## Source information
===============
(* Let $\rho>0$, $T>0$, $\theta=1/4$, $x,y\in\mathbb{R}$, and let $X^*_t=\frac12(x+y)V_t+\frac12(x-y)W_t$, $Y^*_t=\frac12(x+y)V_t-\frac12(x-y)W_t$ with $V,W$ as in the context. Then $$\mathscr C(X^*|Y^* )=\frac{(x+y)^2\big(36e^{6\rho T}(8\rho T+13)-60e^{3\rho T}-3\big)}{16\big(2e^{3\rho T}(3\rho T+5)-1\big)^2}+\frac{x^2-y^2}{2(\rho T+1)}+\frac{(x-y)^2}{16(\rho T+1)^2}.$$
   Context: $V_{0-}=1$, $V_t=\frac{e^{3\rho T}(6\rho(T-t)+4)-4e^{3\rho t}}{2e^{3\rho T}(3\rho T+5)-1}$ for $t\in[0,T]$; $W_{0-}=1$, $W_t=\frac{\rho(T-t)+1}{\rho T+1}$ for $t\in[0,T)$, $W_T=0$; both vanish for $t>T$. For deterministic right-continuous strategies $X,Y$ of bounded variation on $[0,T]$ with given values at $0-$ (so that $dX$ charges the jump $\Delta X_0=X_0-X_{0-}$), the liquidation costs are $$\mathscr C(X|Y)=\frac12\int_{[0,T]}\int_{[0,T]}e^{-\rho|t-s|}\,dX_s\,dX_t+\int_{[0,T]}\int_{[0,t)}e^{-\rho(t-s)}\,dY_s\,dX_t+\frac12\sum_{t\in[0,T]}\Delta X_t\Delta Y_t+\theta\sum_{t\in[0,T]}(\Delta X_t)^2.$$ *)

From Stdlib Require Import Reals Lra List.
From Coquelicot Require Import Coquelicot.
Open Scope R_scope.

(* The strategies V and W of the context, on t >= 0 (they vanish for t > T);
   their values at 0- are V0m = W0m = 1. *)
Definition V0m : R := 1.
Definition W0m : R := 1.
Definition Vf (rho T t : R) : R :=
  if Rle_dec t T then
    (exp (3*rho*T) * (6*rho*(T - t) + 4) - 4 * exp (3*rho*t))
      / (2 * exp (3*rho*T) * (3*rho*T + 5) - 1)
  else 0.
Definition Wf (rho T t : R) : R :=
  if Rlt_dec t T then (rho*(T - t) + 1) / (rho*T + 1) else 0.

(* A description of the signed measure dX on [0,T] of a strategy of the form
   "finitely many jumps + absolutely continuous part with continuous density":
   dX = sum_i a_i delta_{t_i} + dens(s) ds. *)
Record rep := { jumps : list (R * R) ; dens : R -> R }.

Definition lsum (l : list R) : R := fold_right Rplus 0 l.

Definition mu_int (T : R) (r : rep) (h : R -> R) : R :=
  lsum (map (fun p => snd p * h (fst p)) (jumps r))
  + RInt (fun s => dens r s * h s) 0 T.

Definition mu_int_lt (r : rep) (t : R) (h : R -> R) : R :=
  lsum (map (fun p => if Rlt_dec (fst p) t then snd p * h (fst p) else 0) (jumps r))
  + RInt (fun s => dens r s * h s) 0 t.

Definition jump_at (r : rep) (t : R) : R :=
  lsum (map (fun p => if Req_EM_T (fst p) t then snd p else 0) (jumps r)).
===============
## Work item
Wherever the line holding "Definition lsum (l" falls in the entries above, copy exactly from it through the line holding "Definition jump_at (r", inclusive, and add nothing.

## Response
Definition lsum (l : list R) : R := fold_right Rplus 0 l.

Definition mu_int (T : R) (r : rep) (h : R -> R) : R :=
  lsum (map (fun p => snd p * h (fst p)) (jumps r))
  + RInt (fun s => dens r s * h s) 0 T.

Definition mu_int_lt (r : rep) (t : R) (h : R -> R) : R :=
  lsum (map (fun p => if Rlt_dec (fst p) t then snd p * h (fst p) else 0) (jumps r))
  + RInt (fun s => dens r s * h s) 0 t.

Definition jump_at (r : rep) (t : R) : R :=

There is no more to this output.